Alaskans have been eating organic foods for a long time. The Matanuska Valley, a two hundred mile tract of land carved out by glaciers, was first settled by farmers under Franklin D. Roosevelt’s homestead act in the 1930’s. The soil, deposited by the glacier’s grinding movements, is black and fertile. The early farmers were able to grow potatoes, with a texture and flavor that rivals Idaho spuds. They discovered they could grow forty pound cabbages, giant zucchini squash, fat radishes, carrots, green beans, peas, broccoli, cauliflower, chard, lettuces and beets. They learned how to start tomatoes, cucumbers and corn in green houses. Technology has brought them hybrid apple trees and northern cherries. Valley farmers offer poultry, farm fresh eggs, range fed beef and buffalo and dairy products.
The main stay of the Alaskan diet however, is fish, game and wild berries.

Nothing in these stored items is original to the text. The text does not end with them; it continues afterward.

(* Let $G$ be a finite abelian group such that $G$ is not isomorphic to $C_2^2$ (the Klein four-group). Then $\operatorname{Aut}(\mathcal{P}_{0}(G))\simeq \operatorname{Aut}(G)$.
   Context: For an additively written finite abelian group $G$, the reduced power monoid $\mathcal{P}_{0}(G)$ is the set of all subsets of $G$ containing $0$, with the operation of setwise addition $X+Y=\{x+y : x\in X, y\in Y\}$ and identity $\{0\}$. $\operatorname{Aut}$ denotes the group of monoid (resp. group) automorphisms. $C_n$ denotes the cyclic group of order $n$. (In the paper, the isomorphism arises from the canonical embedding $\operatorname{Aut}(G)\to\operatorname{Aut}(\mathcal{P}_0(G))$, $h\mapsto F_h$, where $F_h(X)=\{h(x):x\in X\}$.) *)

From mathcomp Require Import all_boot all_algebra.
Set Implicit Arguments. Unset Strict Implicit. Unset Printing Implicit Defensive.
Import GRing.Theory.
Local Open Scope ring_scope.

Definition setadd (G : finZmodType) (X Y : {set G}) : {set G} :=
  [set x + y | x in X, y in Y].

Definition P0 (G : finZmodType) := {X : {set G} | (0 : G) \in X}.

Lemma setadd_P0 (G : finZmodType) (X Y : P0 G) :
  (0 : G) \in setadd (val X) (val Y).
Proof.
apply/imset2P; exists 0 0; [exact: (valP X) | exact: (valP Y) | by rewrite addr0].
Qed.

Definition P0add (G : finZmodType) (X Y : P0 G) : P0 G :=
  exist _ (setadd (val X) (val Y)) (setadd_P0 X Y).

Definition P0one (G : finZmodType) : P0 G :=
  exist _ [set (0 : G)] (set11 (0 : G)).
Lemma mul_sub_eq_half_uphalf n k : k <= n -> k * (n - k) = n./2 * uphalf n ->
  k = n./2 \/ k = uphalf n.
Proof.
move=> kn; have := half_add_uphalf n; rewrite uphalf_half.
move: (n./2) => a hn.
have [lt_ka|[k_mid|gt_k]] : k < a \/ k \in [:: a; odd n + a] \/ odd n + a < k.
  by rewrite !inE; lia.
- nia.
- by rewrite !inE in k_mid; lia.
- nia.
Qed.

Lemma sqrt_half_uphalf_gt0 (R : rcfType) n : 1 < n ->
  (0 < Num.sqrt ((n./2)%:R * (uphalf n)%:R : R))%R.
Proof.
move=> n_gt1; have := half_add_uphalf n; rewrite uphalf_half => n_eq.
by rewrite sqrtr_gt0 -natrM ltr0n muln_gt0; apply/andP; split; case: (odd n) n_eq => /=; lia.
Qed.

Lemma sum_card_opposite (T : finType) (f : T -> bool) :
  \sum_x #|[set y | f y != f x]| = 2 * (#|[set x | f x]| * #|~: [set x | f x]|).
Proof.
rewrite (bigID f) /=.
rewrite (eq_bigr (fun _ => #|~: [set x | f x]|)); last first.
  by move=> x ->; apply: eq_card => y; rewrite !inE; case: (f y).
rewrite [X in _ + X](eq_bigr (fun _ => #|[set x | f x]|)); last first.
  by move=> x /negbTE ->; apply: eq_card => y; rewrite !inE; case: (f y).
rewrite (eq_bigl (fun x => x \in [set y | f y])); last by move=> x; rewrite !inE.
rewrite [X in _ + X](eq_bigl (fun x => x \in ~: [set y | f y])); last by move=> x; rewrite !inE.
by rewrite !sum_nat_const mulnC addnn mul2n.
Qed.

Section Graph.
Variables (n : nat) (e : rel 'I_n).

Definition deg u := #|[set w | e u w]|.

Lemma sum_nbhd_const (V : nmodType) u (x : V) : (\sum_(v | e u v) x = x *+ deg u)%R.
Proof.
rewrite (eq_bigl (fun v => v \in [set w | e u w])); last by move=> v; rewrite inE.
by rewrite sumr_const.
Qed.

Lemma dist_le_walk k x y : walk e k x y -> dist e x y <= k.
Proof.
rewrite /dist => w; case: (ltnP k n) => [k_lt_n|n_le_k].
  by rewrite leqNgt; apply/negP => /(before_find 0); rewrite nth_iota // add0n w.
by apply: leq_trans (find_size _ _) _; rewrite size_iota.
Qed.

Lemma dist_eq0 x y : (dist e x y == 0) = (x == y).
Proof.
have n_gt0 : 0 < n by apply: leq_ltn_trans (ltn_ord x).
rewrite /dist; have -> : iota 0 n = 0 :: iota 1 n.-1 by rewrite -[in LHS](prednK n_gt0).
by rewrite /=; case: (x == y).
Qed.

Lemma dist_refl x : dist e x x = 0.
Proof. by apply/eqP; rewrite dist_eq0. Qed.

Lemma walk_path p x : path e x p -> walk e (size p) x (last x p).
Proof.
elim: p x => [|z p IHp] x /=; first by rewrite eqxx.
by case/andP=> xz pz; apply/existsP; exists z; rewrite xz IHp.
Qed.

Lemma dist_adj x y : irreflexive e -> e x y -> dist e x y = 1.
Proof.
move=> eirr xy; apply/eqP; rewrite eqn_leq lt0n dist_eq0.
rewrite (@dist_le_walk 1) /=; last by apply/existsP; exists y; rewrite xy eqxx.
by apply: contraTneq xy => ->; rewrite eirr.
Qed.
Lemma sum_sqr_shift_tail (R : comPzRingType) (d : 'I_8 -> R) :
  (forall i : 'I_8, (i <= 1)%N -> d i = d ord0) -> \sum_k d k = 0 ->
  \sum_(p < 6) (d (rshift 2 p) + d ord0) ^+ 2 = \sum_k d k ^+ 2.
Proof.
move=> dlow dsum0.
have head (F : R -> R) : \sum_(i < 2) F (d (lshift 6 i)) = F (d ord0) *+ 2.
  by rewrite big_ord_recr big_ord1 !dlow.
move: dsum0; rewrite !(@big_split_ord _ _ _ 2 6) /= (head id) (head (fun x => x ^+ 2)).
move=> /(canRL (addKr _)); rewrite addr0 => tail.
under eq_bigr do rewrite sqrrD.
by rewrite !big_split /= -mulr_suml tail sumr_const card_ord; ring.
Qed.

Definition dot (v w : sym) : int := \sum_k vec v k * vec w k.

Lemma vecE n (i j k : 'I_8) :
  vec (Sym n i j) k = (-1) ^+ n * (4 * ((k == i) + (k == j))%:R - 1).
Proof. by rewrite /= natrD; case: n. Qed.

Lemma sum_vec_mul n (i j : 'I_8) (x : 'I_8 -> int) :
  \sum_k vec (Sym n i j) k * x k = (-1) ^+ n * (4 * (x i + x j) - \sum_k x k).
Proof.
under eq_bigr do rewrite vecE natrD -mulrA.
rewrite -mulr_sumr; congr (_ * _).
under eq_bigr do rewrite mulrBl mul1r !mulrDr mulrDl -!mulrA.
by rewrite sumrB big_split /= -!mulr_sumr !sum_indicator_mulr mulrDr.
Qed.

Lemma sum_vec s : \sum_k vec s k = 0.
Proof.
case: s => n i j; under eq_bigr do rewrite -[vec _ _]mulr1.
by rewrite sum_vec_mul sumr_const card_ord subrr mulr0.
Qed.

Lemma dot_self s : valid s -> dot s s = 24.
Proof.
case: s => n i j; rewrite /valid /= => ltij; have ij : i != j by rewrite neq_ltn ltij.
rewrite /dot sum_vec_mul sum_vec subr0 !vecE !eqxx (negPf ij) eq_sym (negPf ij).
by case: n.
Qed.

Lemma dd_sqr_nat v w (k : nat) :
  \sum_i (vec v i - vec w i) ^+ 2 = 16 * k%:Z -> dd v w = k%:R.
Proof. by rewrite /dd -rmorph_sum => ->; rewrite rmorphM /= mulrC mulKf. Qed.

Lemma dd_dot_nat v w (k : nat) : valid v -> valid w ->
  dot v w = 24 - 8 * k%:Z -> dd v w = k%:R.
Proof.
move=> vv vw dvw; apply: dd_sqr_nat.
by rewrite sum_sqrB -!/(dot _ _) !dot_self // dvw; lia.
Qed.

Lemma LcosetE n (i j : 'I_8) : Lcoset (Sym n i j) = (i <= 1)%N && (2 <= j)%N.
Proof. by rewrite /Lcoset /blue /red /valid /=; case: n; lia. Qed.

Lemma Lcoset_bounds v : Lcoset v -> (si v <= 1)%N /\ (2 <= sj v)%N.
Proof. by case: v => n i j; rewrite LcosetE => /andP. Qed.

Lemma Lcoset_valid v : Lcoset v -> valid v.
Proof. by move/Lcoset_bounds; rewrite /valid; lia. Qed.

Lemma blueE n (i j : 'I_8) :
  blue (Sym n i j) = Lcoset (Sym n i j) && (n == (i == 1 :> nat)).
Proof. by rewrite LcosetE /blue /valid /=; case: n; lia. Qed.

Lemma redE n (i j : 'I_8) :
  red (Sym n i j) = Lcoset (Sym n i j) && (n != (i == 1 :> nat)).
Proof. by rewrite LcosetE /red /valid /=; case: n; lia. Qed.

Lemma same_colorE v w :
  (blue v && blue w) || (red v && red w) =
  [&& Lcoset v, Lcoset w & (sneg v == sneg w) == (si v == si w)].
Proof.
case: v w => n i j [n' i' j']; rewrite !blueE !redE !LcosetE /=.
by case: n n' => [] []; lia.
Qed.

Lemma diff_colorE v w :
  (blue v && red w) || (red v && blue w) =
  [&& Lcoset v, Lcoset w & (sneg v == sneg w) != (si v == si w)].
Proof.
case: v w => n i j [n' i' j']; rewrite !blueE !redE !LcosetE /=.
by case: n n' => [] []; lia.
Qed.

Lemma gamma1_Lcoset v : Lcoset v -> gamma1 v = LLab (sj v).-1 (sneg v).
Proof.
case: v => n i j; rewrite LcosetE /= => /andP[i1 j2].
by rewrite ifF ?ifF //; lia.
Qed.

Lemma sym_ext v w : sneg v = sneg w -> si v = si w -> sj v = sj w -> v = w.
Proof. by case: v w => n i j [n' i' j'] /= -> /val_inj-> /val_inj->. Qed.

Lemma dd_Lcoset v w : Lcoset v -> Lcoset w ->
  let m := ((si v == si w) + (sj v == sj w))%N in
  dd v w = (if sneg v == sneg w then (2 - m).*2 else m.+1.*2)%:R.
Proof.
move=> Lv Lw; apply: dd_dot_nat (Lcoset_valid Lv) (Lcoset_valid Lw) _.
move: Lv Lw; case: v w => n i j [n' i' j'].
rewrite !LcosetE /= => /andP[i1 j2] /andP[i1' j2'].
rewrite /dot sum_vec_mul sum_vec subr0 !vecE.
have -> : (i == j') = false by apply/negbTE; rewrite -val_eqE /=; lia.
have -> : (j == i') = false by apply/negbTE; rewrite -val_eqE /=; lia.
by rewrite !val_eqE; case: n n' (i == i') (j == j') => [] [] [] [].
Qed.

Lemma opposite_labelsE v w : Lcoset v -> Lcoset w ->
  (exists i : nat, (1 <= i <= 6)%N /\
     ((gamma1 v = LLab i false /\ gamma1 w = LLab i true) \/
      (gamma1 v = LLab i true /\ gamma1 w = LLab i false))) <->
  sj v = sj w /\ sneg v != sneg w.
Proof.
move=> Lv Lw; have [[_ jv] [_ jw]] := (Lcoset_bounds Lv, Lcoset_bounds Lw).
rewrite !gamma1_Lcoset //; split.
- by case=> k [_ [[[ev ->] [ew ->]] | [[ev ->] [ew ->]]]]; split=> //; lia.
- case=> <- nvw; exists (sj v).-1; split.
    by move: jv; case: (v) => n i j /= jv; have := ltn_ord j; lia.
  by case: (sneg v) (sneg w) nvw => [] [] //= _; [right | left].
Qed.

Lemma dd_diff_color_same_label v w :
  (blue v && red w) || (red v && blue w) -> gamma1 v = gamma1 w ->
  dd v w = 2%:R.
Proof.
rewrite diff_colorE => /and3P[Lv Lw col].
have [[_ jv] [_ jw]] := (Lcoset_bounds Lv, Lcoset_bounds Lw).
rewrite !gamma1_Lcoset // => -[ej en].
have {ej} ej : sj v = sj w by lia.
by move: col; rewrite dd_Lcoset // en ej !eqxx; case: (si v == si w).
Qed.

Lemma dd_same_color v w :
  (blue v && blue w) || (red v && red w) -> v <> w ->
  ((exists i : nat, (1 <= i <= 6)%N /\
     ((gamma1 v = LLab i false /\ gamma1 w = LLab i true) \/
      (gamma1 v = LLab i true /\ gamma1 w = LLab i false))) ->
    dd v w = 4%:R) /\
  (~ (exists i : nat, (1 <= i <= 6)%N /\
     ((gamma1 v = LLab i false /\ gamma1 w = LLab i true) \/
      (gamma1 v = LLab i true /\ gamma1 w = LLab i false))) ->
    dd v w = 2%:R).
Proof.
rewrite same_colorE => /and3P[Lv Lw col] nvw.
rewrite opposite_labelsE // dd_Lcoset //; split=> [[-> /negPf nn] | nopp].
  by move: col; rewrite nn eqxx; case: (si v == si w).
move: col; case: (sneg v =P sneg w) => [en | /eqP nn];
  case: (si v =P si w) => [ei | _] //= _.
  by case: (sj v =P sj w) => // ej; case: nvw; apply: sym_ext.
by case: (sj v =P sj w) => // ej; case: nopp.
Qed.

Lemma dd_diff_color_diff_label v w :
  (blue v && red w) || (red v && blue w) -> gamma1 v <> gamma1 w ->
  (v = symopp w -> dd v w = 6%:R) /\ (v <> symopp w -> dd v w = 4%:R).
Proof.
rewrite diff_colorE => /and3P[Lv Lw col] nlab.
rewrite dd_Lcoset //; split=> [evw | nopp].
  by rewrite evw; case: (w) => n i j /=; rewrite !eqxx; case: n.
move: col; case: (sneg v =P sneg w) => [en | /eqP nn];
  case: (si v =P si w) => [ei | _] //= _.
  case: (sj v =P sj w) => // ej; case: nlab.
  by rewrite !gamma1_Lcoset // en ej.
case: (sj v =P sj w) => // ej; case: nopp.
case: (w) nn ei ej => n i j /= nn ei ej.
by apply: sym_ext => //=; case: (sneg v) n nn => [] [].
Qed.

Lemma Jcoset_vec_low w (i : 'I_8) : Jcoset w -> (i <= 1)%N -> vec w i = vec w ord0.
Proof.
case: w => n a b; rewrite !vecE /Jcoset /valid -!val_eqE /= => /andP[ab J] i1.
by congr (_ * (4 * _%:R - 1)); lia.
Qed.

Lemma Jlabel_vec w sw (p : 'I_6) : Jcoset w -> gamma1 w = JLab sw ->
  vec w (rshift 2 p) + vec w ord0 = - 2 * (-1) ^+ sw p.
Proof.
case: w => n a b; rewrite !vecE /Jcoset /valid -!val_eqE /= => /andP[ab J].
case: ifP => [/andP[/eqP a0 /eqP b1] [<-] | _]; rewrite ?ffunE.
  have -> : ((2 + p == a) + (2 + p == b))%N = 0%N by lia.
  have -> : ((0 == a) + (0 == b))%N = 1%N by lia.
  by case: n.
case: ifP => // a2 [<-]; rewrite ffunE.
have -> : ((0 == a) + (0 == b))%N = 0%N by lia.
have -> : (p.+1 == a.-1) = (2 + p == a)%N by apply/eqP/eqP; lia.
have -> : (p.+1 == b.-1) = (2 + p == b)%N by apply/eqP/eqP; lia.
have : ~~ ((2 + p == a) && (2 + p == b))%N by lia.
by case: (2 + p == a)%N (2 + p == b)%N n => [] [] [].
Qed.

Lemma dd_Jcoset v w sv sw : Jcoset v -> Jcoset w ->
  gamma1 v = JLab sv -> gamma1 w = JLab sw ->
  dd v w = #|[pred p | sv p != sw p]|%:R.
Proof.
move=> Jv Jw lv lw; apply: dd_sqr_nat.
pose d k := vec v k - vec w k.
have dlow (i : 'I_8) : (i <= 1)%N -> d i = d ord0.
  by move=> i1; rewrite /d !Jcoset_vec_low.
have dsum0 : \sum_k d k = 0 by rewrite sumrB !sum_vec subrr.
have tail p : d (rshift 2 p) + d ord0 = - 2 * ((-1) ^+ sv p - (-1) ^+ sw p).
  by rewrite mulrBr -(Jlabel_vec p Jv lv) -(Jlabel_vec p Jw lw) /d; ring.
rewrite -(sum_sqr_shift_tail dlow dsum0).
under eq_bigr do rewrite tail exprMn sqrrN.
by rewrite -mulr_sumr sum_sqr_signB mulrA (natz #|_|).
Qed.

Lemma dot_Lcoset_Jcoset n (i j : 'I_8) w sw :
  (i <= 1)%N -> (2 <= j)%N -> Jcoset w -> gamma1 w = JLab sw ->
  dot (Sym n i j) w = - 8 * (-1) ^+ (n (+) at_pos sw j.-1).
Proof.
move=> i1 j2 Jw lw; pose p : 'I_6 := inord j.-2.
have ej : rshift 2 p = j :> 'I_8.
  by apply/val_inj; rewrite /= inordK; have := ltn_ord j; lia.
rewrite /dot sum_vec_mul sum_vec subr0 (Jcoset_vec_low Jw i1) -ej addrC.
by rewrite (Jlabel_vec p Jw lw) signr_addb /at_pos /= inord_val; ring.
Qed.

Lemma dd_Lcoset_Jcoset n (i j : 'I_8) w sw :
  (i <= 1)%N -> (2 <= j)%N -> Jcoset w -> gamma1 w = JLab sw ->
  dd (Sym n i j) w = if n (+) at_pos sw j.-1 then 2%:R else 4%:R.
Proof.
move=> i1 j2 Jw lw; have vv : valid (Sym n i j) by rewrite /valid /=; lia.
have /andP[vw _] := Jw.
by case: ifP => b; apply: dd_dot_nat; rewrite // (dot_Lcoset_Jcoset n i1 j2 Jw lw) b.
Qed.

The average Alaskan will eat more fish in one week than most American diets consume within a month. Their freezers are stocked with moose, caribou and reindeer sausage. The irony is, that at a time when subsistence rights are most needed, sport fishing and hunting are what’s being favored by the legislature in the interest of increasing the general fund. The general fund itself, has undergone questionable treatment. Instead of funding much needed renovations for the fish hatcheries, much of it was invested in an already failing stock market. The general fund has lost much of its buying power, and the fishing industry, our greatest renewable natural resource, has been jeopardized.
Alaska can provide sustainable agriculture; clean foods free from chemical inducements or harmful bacteria. It can provide cheap energy. Its decisions will be based on the same type of discrepancies states will be deciding everywhere; what consumers will buy. Will we buy more oil; more gold and precious metals? Will we spend our money in chain stores or at small businesses? Will we buy new, energy saving technology? Are we open to new media expression? While the numbers of people who can afford to consume our external industry continues to dwindle, the need to answer these questions with expediency becomes more apparent. The days of the old spin doctrine routines are over. We aren’t the guilty. We are a nation of people whose trust has been betrayed and who now find themselves in the wallowing depths of poverty.